Find the line that contains "(* Lebesgue integral". Output it and every line after it to the end of the records, exactly as they appear.
_ _ _
(* Let $d\ge1$ and let $\mu:\mathbb{R}^d\to(0,\infty)$ be localized to the unit ball with $\sum_{a\in\mathbb{Z}^d}\mu(x-a)=1$ and $\mu(x)\ge c(1+|x|)^{-10d}$ for some $c>0$. Then there exists $C>0$ such that for every Schwartz function $K\in\mathcal{S}(\mathbb{R}^d)$, every $B\subset\mathbb{Z}^d$ and every $x\in\mathbb{R}^d$, \[ |K*\mu_B(x)|\le C\left(\int|K(y)|(1+|y|^{10d})\,dy\right)\mu_B(x). \]
   Context: A bounded function $f$ on $\mathbb{R}^d$ is localized to the unit ball if there is a constant $C$ with $|f(x)|\le C$, $|f(x)|\le C|x|^{-10d}$ and $|\nabla f(x)|\le C|x|^{-10d-1}$. $\mu_a(x)=\mu(x-a)$ and $\mu_B=\sum_{b\in B}\mu_b$. *)

From HB Require Import structures.
From mathcomp Require Import all_boot all_order all_algebra.
From mathcomp Require Import all_classical all_reals all_analysis.
Set Implicit Arguments. Unset Strict Implicit. Unset Printing Implicit Defensive.
Import Order.TTheory GRing.Theory Num.Theory.
Import numFieldNormedType.Exports.
Local Open Scope classical_set_scope.
Local Open Scope ring_scope.

Section Defs.
Context {R : realType}.

(* Euclidean norm |x| on R^d (the library norm on 'rV is the sup norm). *)
Definition eucl {d : nat} (x : 'rV[R]_d) : R :=
  Num.sqrt (\sum_(i < d) x ord0 i ^+ 2).

Definition evec {d : nat} (i : 'I_d) : 'rV[R]_d := delta_mx ord0 i.

Definition grad_norm {d : nat} (f : 'rV[R]_d -> R) (x : 'rV[R]_d) : R :=
  Num.sqrt (\sum_(i < d) ('D_(evec i) f x) ^+ 2).

(* f is localized to the unit ball (constant C). f is assumed differentiable,
   since the definition refers to its gradient; the decay bounds are for x <> 0. *)
Definition localized {d : nat} (f : 'rV[R]_d -> R) : Prop :=
  (forall x, differentiable f x) /\
  exists C : R,
    (forall x, `|f x| <= C) /\
    (forall x, x != 0 -> `|f x| <= C / eucl x ^+ (10 * d)) /\
    (forall x, x != 0 -> grad_norm f x <= C / eucl x ^+ (10 * d + 1)).

Fixpoint pder {d : nat} (l : seq 'I_d) (f : 'rV[R]_d -> R) : 'rV[R]_d -> R :=
  match l with
  | [::] => f
  | i :: l' => 'D_(evec i) (pder l' f)
  end.

Definition schwartz {d : nat} (f : 'rV[R]_d -> R) : Prop :=
  (forall (l : seq 'I_d) x, differentiable (pder l f) x) /\
  (forall (l : seq 'I_d) (k : nat), exists M : R,
      forall x, (1 + eucl x) ^+ k * `|pder l f x| <= M).

(* Lebesgue integral over R^d, computed as iterated one-dimensional Lebesgue
   integrals  int dx_1 ... int dx_d  (by Fubini/Tonelli this equals the
   integral w.r.t. d-dimensional Lebesgue measure for the (continuous,
   absolutely integrable or nonnegative) integrands used below). *)
Fixpoint iint (d : nat) : ('rV[R]_d -> \bar R) -> \bar R :=
  match d return ('rV[R]_d -> \bar R) -> \bar R with
  | 0 => fun f => f 0
  | n.+1 => fun f =>
      (\int[lebesgue_measure]_t
         iint (fun y : 'rV[R]_n => f (row_mx (\row_(j < 1) t) y)))%E
  end.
_ _ _
Answer box:
(* Lebesgue integral over R^d, computed as iterated one-dimensional Lebesgue
   integrals  int dx_1 ... int dx_d  (by Fubini/Tonelli this equals the
   integral w.r.t. d-dimensional Lebesgue measure for the (continuous,
   absolutely integrable or nonnegative) integrands used below). *)
Fixpoint iint (d : nat) : ('rV[R]_d -> \bar R) -> \bar R :=
  match d return ('rV[R]_d -> \bar R) -> \bar R with
  | 0 => fun f => f 0
  | n.+1 => fun f =>
      (\int[lebesgue_measure]_t
         iint (fun y : 'rV[R]_n => f (row_mx (\row_(j < 1) t) y)))%E
  end.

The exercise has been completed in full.